On Sun, Oct 14, 2012 at 08:56:11PM +0100, Al Viro wrote:
> On Sun, Oct 14, 2012 at 08:24:03PM +0100, Al Viro wrote:
>
> > Russell, could you recall what those had been about? I'm not sure if that
> > had been oopsable that far back (again, oops scenario is userland stack
> > page getting swapped out before we get to start_thread(), leading to
> > direct read from an absent page in start_thread() by plain ldr, without
> > anything in exception table about that insn), but it looks very odd
> > regardless of that problem.
>
> BTW, arm64 has copied that logics, so it also seems to be unsafe and very
> odd - there we definitely have only ELF to cope with. arm64 folks Cc'd...

Good point. We don't need this on arm64 and probably neither on arm (at
least since EABI).

Setting x0 may cause other issues as well.

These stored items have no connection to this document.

(* Pick v1 with r(0,v1) > r_+ - delta; since the regular region is relatively
   open, a short segment [0,u1] x {v1} lies in it with r > r_+ - delta.  The
   set of points of K(u1,v1) in R with r > r_+ - delta is then shown to be all
   of K(u1,v1) by continuous induction.  The only delicate step is a point p
   all of whose causal past in the rectangle is already good: by (VII), p is
   in R or in A; since d_v r >= 0 on the segment of the column below p,
   r(p) > r_+ - delta, so p in A would lie in A cap W, which is empty. *)

Lemma is_lub_lt (E : R -> Prop) (m x : R) :
  is_lub E m -> x < m -> exists y, E y /\ x < y.
Proof.
  intros [Hub Hlub] Hx. apply NNPP; intro N.
  assert (m <= x); [|lra].
  apply Hlub. intros y Ey. apply Rnot_lt_le; intro. apply N; eauto.
Qed.

Lemma real_induction (a b : R) (Q : R -> Prop) :
  a <= b ->
  (forall x, a <= x <= b -> (forall y, a <= y < x -> Q y) -> Q x) ->
  (forall x, a <= x < b -> (forall y, a <= y <= x -> Q y) ->
     exists e, 0 < e /\ forall y, x < y < x + e -> y <= b -> Q y) ->
  forall x, a <= x <= b -> Q x.
Proof.
  intros Hab Hclosed Hopen.
  set (S := fun x => a <= x <= b /\ forall y, a <= y <= x -> Q y).
  assert (Sa : S a).
  { split; [lra|]. intros y Hy. replace y with a by lra.
    apply Hclosed; [lra|]. intros z Hz; lra. }
  destruct (completeness S) as [s Hs].
  { exists b. intros x [Hx _]. lra. }
  { exists a. exact Sa. }
  assert (Has : a <= s) by (apply Hs; exact Sa).
  assert (Hsb : s <= b) by (apply Hs; intros x [Hx _]; lra).
  assert (Below : forall y, a <= y < s -> Q y).
  { intros y Hy. destruct (is_lub_lt S s y Hs) as [x [[_ Hx] Hyx]]; [lra|].
    apply Hx; lra. }
  assert (Qs : forall y, a <= y <= s -> Q y).
  { intros y Hy. destruct (Rlt_le_dec y s); [apply Below; lra|].
    replace y with s by lra. apply Hclosed; [lra | exact Below]. }
  destruct (Rlt_le_dec s b) as [Hlt|Hge].
  - exfalso. destruct (Hopen s (conj Has Hlt) Qs) as [e [He Hnext]].
    set (z := Rmin (s + e/2) b).
    assert (Hz1 : z <= s + e/2) by apply Rmin_l.
    assert (Hz2 : z <= b) by apply Rmin_r.
    assert (Hsz : s < z) by (apply Rmin_glb_lt; lra).
    assert (z <= s); [|lra].
    apply Hs. split; [lra|]. intros y Hy.
    destruct (Rle_lt_dec y s); [apply Qs; lra|]. apply Hnext; lra.
  - intros x Hx. apply Qs; lra.
Qed.

Lemma in_ball_of_le_half (a b e u v : R) :
  0 < e -> Rabs (u - a) <= e/2 -> Rabs (v - b) <= e/2 -> in_ball a b e u v.
Proof.
  intros He H1 H2. unfold in_ball.
  apply Rabs_le_between in H1. apply Rabs_le_between in H2.
  assert ((u - a)^2 <= (e/2)^2) by nra. assert ((v - b)^2 <= (e/2)^2) by nra.
  nra.
Qed.

Lemma in_ball_le (a b e e' u v : R) :
  0 < e -> e <= e' -> in_ball a b e u v -> in_ball a b e' u v.
Proof. unfold in_ball. intros. nra. Qed.

Lemma closure2_self (A : R -> R -> Prop) (a b : R) : A a b -> closure2 A a b.
Proof.
  intros HA eps Heps. exists a, b. split; [exact HA|].
  unfold in_ball. replace (a - a) with 0 by ring. replace (b - b) with 0 by ring.
  nra.
Qed.

Lemma rel_open_sub (K K' P : R -> R -> Prop) :
  (forall u v, K' u v -> K u v) -> rel_open K P -> rel_open K' P.
Proof.
  intros HK HP a b Pab. destruct (HP a b Pab) as [e [He H]].
  exists e. split; [exact He|]. intros u v Hb Hk. apply H; auto.
Qed.

Lemma continuous2_at_gt (f : R -> R -> R) (a b c : R) :
  continuous2_at f a b -> c < f a b ->
  exists e, 0 < e /\ forall u v, in_ball a b e u v -> c < f u v.
Proof.
  intros Hf Hc. destruct (Hf (f a b - c)) as [e [He H]]; [lra|].
  exists e. split; [exact He|]. intros u v Hb.
  destruct (Rabs_def2 _ _ (H u v Hb)). lra.
Qed.

Lemma continuous2_at_lt (f : R -> R -> R) (a b c : R) :
  continuous2_at f a b -> f a b < c ->
  exists e, 0 < e /\ forall u v, in_ball a b e u v -> f u v < c.
Proof.
  intros Hf Hc. destruct (Hf (c - f a b)) as [e [He H]]; [lra|].
  exists e. split; [exact He|]. intros u v Hb.
  destruct (Rabs_def2 _ _ (H u v Hb)). lra.
Qed.

Lemma rel_open_and_gt (K P : R -> R -> Prop) (f : R -> R -> R) (c : R) :
  rel_open K P -> (forall u v, P u v -> continuous2_at f u v) ->
  rel_open K (fun u v => P u v /\ c < f u v).
Proof.
  intros HP Hf a b [Pab Hc].
  destruct (HP a b Pab) as [e1 [He1 H1]].
  destruct (continuous2_at_gt f a b c (Hf a b Pab) Hc) as [e2 [He2 H2]].
  exists (Rmin e1 e2). split; [apply Rmin_pos; assumption|].
  assert (0 < Rmin e1 e2) by (apply Rmin_pos; assumption).
  intros u v Hb Hk. split.
  - apply H1; [|exact Hk]. apply in_ball_le with (Rmin e1 e2); auto using Rmin_l.
  - apply H2. apply in_ball_le with (Rmin e1 e2); auto using Rmin_r.
Qed.

Lemma rel_open_and_lt (K P : R -> R -> Prop) (f : R -> R -> R) (c : R) :
  rel_open K P -> (forall u v, P u v -> continuous2_at f u v) ->
  rel_open K (fun u v => P u v /\ f u v < c).
Proof.
  intros HP Hf a b [Pab Hc].
  destruct (HP a b Pab) as [e1 [He1 H1]].
  destruct (continuous2_at_lt f a b c (Hf a b Pab) Hc) as [e2 [He2 H2]].
  exists (Rmin e1 e2). split; [apply Rmin_pos; assumption|].
  assert (0 < Rmin e1 e2) by (apply Rmin_pos; assumption).
  intros u v Hb Hk. split.
  - apply H1; [|exact Hk]. apply in_ball_le with (Rmin e1 e2); auto using Rmin_l.
  - apply H2. apply in_ball_le with (Rmin e1 e2); auto using Rmin_r.
Qed.

Lemma nondecreasing_of_derive_nonneg (f df : R -> R) (b c : R) :
  b <= c ->
  (forall x, b <= x <= c -> is_derive f x (df x)) ->
  (forall x, b <= x <= c -> 0 <= df x) ->
  f b <= f c.
Proof.
  intros Hbc Hd Hpos.
  destruct (MVT_gen f b c df) as [x [Hx Heq]];
    rewrite ?Rmin_left, ?Rmax_right in * by lra.
  - intros x Hx. apply Hd; lra.
  - intros x Hx. apply continuity_pt_filterlim, (ex_derive_continuous f).
    exists (df x). apply Hd; lra.
  - assert (0 <= df x) by (apply Hpos; lra). nra.
Qed.

Section RectangleInduction.

Variables (u1 v1 : R) (P : R -> R -> Prop).
Hypothesis Hu1 : 0 <= u1.
Hypothesis HPopen : rel_open (Kset u1 v1) P.

Lemma rel_open_tube (v : R) :
  v1 <= v -> (forall u, 0 <= u <= u1 -> P u v) ->
  exists eta, 0 < eta /\
    forall u w, 0 <= u <= u1 -> v <= w <= v + eta -> P u w.
Proof.
  intros Hv Hrow.
  assert (Ball : forall x, 0 <= x <= u1 -> exists e, 0 < e /\
    forall u w, 0 <= u <= u1 -> Rabs (u - x) <= e -> v <= w <= v + e -> P u w).
  { intros x Hx. destruct (HPopen x v (Hrow x Hx)) as [e [He H]].
    exists (e/2). split; [lra|]. intros u w Hu Hux Hw.
    apply H; [|split; lra]. apply in_ball_of_le_half; auto.
    apply Rabs_le_between; lra. }
  set (Q := fun x => exists eta, 0 < eta /\
    forall u w, 0 <= u <= x -> v <= w <= v + eta -> P u w).
  assert (HQ : forall x, 0 <= x <= u1 -> Q x).
  { apply real_induction; [exact Hu1| |].
    - intros x Hx IH. destruct (Ball x Hx) as [e [He H]].
      destruct (Rle_lt_dec x e) as [Hxe|Hxe].
      + exists e. split; [exact He|]. intros u w Hu Hw.
        apply H; [lra | apply Rabs_le_between; lra | exact Hw].
      + destruct (IH (x - e)) as [eta [Heta Hy]]; [lra|].
        exists (Rmin eta e). split; [apply Rmin_pos; assumption|].
        intros u w Hu Hw.
        assert (Rmin eta e <= eta) by apply Rmin_l.
        assert (Rmin eta e <= e) by apply Rmin_r.
        destruct (Rle_lt_dec u (x - e)); [apply Hy; lra|].
        apply H; [lra | apply Rabs_le_between; lra | lra].
    - intros x Hx IH. destruct (Ball x ltac:(lra)) as [e [He H]].
      destruct (IH x) as [eta [Heta Hy]]; [lra|].
      exists e. split; [exact He|]. intros y Hy' Hyb.
      exists (Rmin eta e). split; [apply Rmin_pos; assumption|].
      intros u w Hu Hw.
      assert (Rmin eta e <= eta) by apply Rmin_l.
      assert (Rmin eta e <= e) by apply Rmin_r.
      destruct (Rle_lt_dec u x); [apply Hy; lra|].
      apply H; [lra | apply Rabs_le_between; lra | lra]. }
  destruct (HQ u1) as [eta [Heta H]]; [lra|].
  exists eta. split; [exact Heta|]. intros u w Hu Hw. apply H; lra.
Qed.

Hypothesis Pbottom : forall u, 0 <= u <= u1 -> P u v1.
Hypothesis Pleft : forall v, v1 <= v -> P 0 v.
Hypothesis Pcorner : forall a b, 0 < a <= u1 -> v1 < b ->
  (forall u v, 0 <= u <= a -> v1 <= v <= b -> ~ (u = a /\ v = b) -> P u v) ->
  P a b.

Lemma rel_open_rect_induction (u v : R) : Kset u1 v1 u v -> P u v.
Proof.
  intros [Hu Hv].
  assert (Rows : forall w, v1 <= w <= v -> forall u, 0 <= u <= u1 -> P u w);
    [|apply Rows; lra].
  apply (real_induction v1 v (fun w => forall u, 0 <= u <= u1 -> P u w)); [lra| |].
  - intros w Hw IH.
    apply (real_induction 0 u1 (fun a => P a w)); [exact Hu1| |].
    + intros a Ha IHa.
      destruct (Req_dec a 0) as [->|Ha0]; [apply Pleft; lra|].
      destruct (Req_dec w v1) as [->|Hw1]; [apply Pbottom; lra|].
      apply Pcorner; [lra | lra|].
      intros u' w' Hu' Hw' Hne. destruct (Rlt_le_dec w' w).
      * apply IH; lra.
      * assert (w' = w) by lra. subst w'.
        apply IHa. split; [lra|].
        destruct (Req_dec u' a); [exfalso; tauto | lra].
    + intros a Ha IHa.
      destruct (HPopen a w (IHa a ltac:(lra))) as [e [He H]].
      exists (e/2). split; [lra|]. intros b Hb Hbu. apply H.
      * apply in_ball_of_le_half; [lra| |]; apply Rabs_le_between; lra.
      * split; lra.
  - intros w Hw IH.
    destruct (rel_open_tube w ltac:(lra) (IH w ltac:(lra))) as [eta [Heta H]].
    exists eta. split; [exact Heta|]. intros y Hy _ u' Hu'. apply H; lra.
Qed.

The dynamic loader simply
ignores the startup registers but for static binaries the _start code in
glibc expects r0 to contain a function pointer to be registered with
atexit() in __libc_start_main() or NULL. Since we pass argc in there,
for static binaries the rtld_fini argument to __libc_start_main() is
neither NULL nor something meaningful.

Russell, do you know whether setting these registers is needed for OABI?

--
Catalin

2012-10-15 16:27:40

by Al Viro

[permalink] [raw]
Subject: Re: [revert request for commit 9fff2fa] Re: [git pull] signals pile 3

On Mon, Oct 15, 2012 at 05:07:10PM +0100, Catalin Marinas wrote:
> On Sun, Oct 14, 2012 at 08:56:11PM +0100, Al Viro wrote:
> > On Sun, Oct 14, 2012 at 08:24:03PM +0100, Al Viro wrote:
> >
> > > Russell, could you recall what those had been about? I'm not sure if that
> > > had been oopsable that far back (again, oops scenario is userland stack
> > > page getting swapped out before we get to start_thread(), leading to
> > > direct read from an absent page in start_thread() by plain ldr, without
> > > anything in exception table about that insn), but it looks very odd
> > > regardless of that problem.
> >
> > BTW, arm64 has copied that logics, so it also seems to be unsafe and very
> > odd - there we definitely have only ELF to cope with. arm64 folks Cc'd...
>
> Good point. We don't need this on arm64 and probably neither on arm (at
> least since EABI).
>
> Setting x0 may cause other issues as well. The dynamic loader simply
> ignores the startup registers but for static binaries the _start code in
> glibc expects r0 to contain a function pointer to be registered with
> atexit() in __libc_start_main() or NULL. Since we pass argc in there,
> for static binaries the rtld_fini argument to __libc_start_main() is
> neither NULL nor something meaningful.

The value left there by start_thread() will not reach the userland anyway...

2012-10-15 17:06:10

by Catalin Marinas

[permalink] [raw]
Subject: Re: [revert request for commit 9fff2fa] Re: [git pull] signals pile 3

On Mon, Oct 15, 2012 at 05:27:32PM +0100, Al Viro wrote:
> On Mon, Oct 15, 2012 at 05:07:10PM +0100, Catalin Marinas wrote:
> > On Sun, Oct 14, 2012 at 08:56:11PM +0100, Al Viro wrote:
> > > On Sun, Oct 14, 2012 at 08:24:03PM +0100, Al Viro wrote:
> > >
> > > > Russell, could you recall what those had been about? I'm not sure if that
> > > > had been oopsable that far back (again, oops scenario is userland stack
> > > > page getting swapped out before we get to start_thread(), leading to
> > > > direct read from an absent page in start_thread() by plain ldr, without
> > > > anything in exception table about that insn), but it looks very odd
> > > > regardless of that problem.
> > >
> > > BTW, arm64 has copied that logics, so it also seems to be unsafe and very
> > > odd - there we definitely have only ELF to cope with. arm64 folks Cc'd...
> >
> > Good point. We don't need this on arm64 and probably neither on arm (at
> > least since EABI).
> >
> > Setting x0 may cause other issues as well. The dynamic loader simply
> > ignores the startup registers but for static binaries the _start code in
> > glibc expects r0 to contain a function pointer to be registered with
> > atexit() in __libc_start_main() or NULL. Since we pass argc in there,
> > for static binaries the rtld_fini argument to __libc_start_main() is
> > neither NULL nor something meaningful.
>
> The value left there by start_thread() will not reach the userland anyway...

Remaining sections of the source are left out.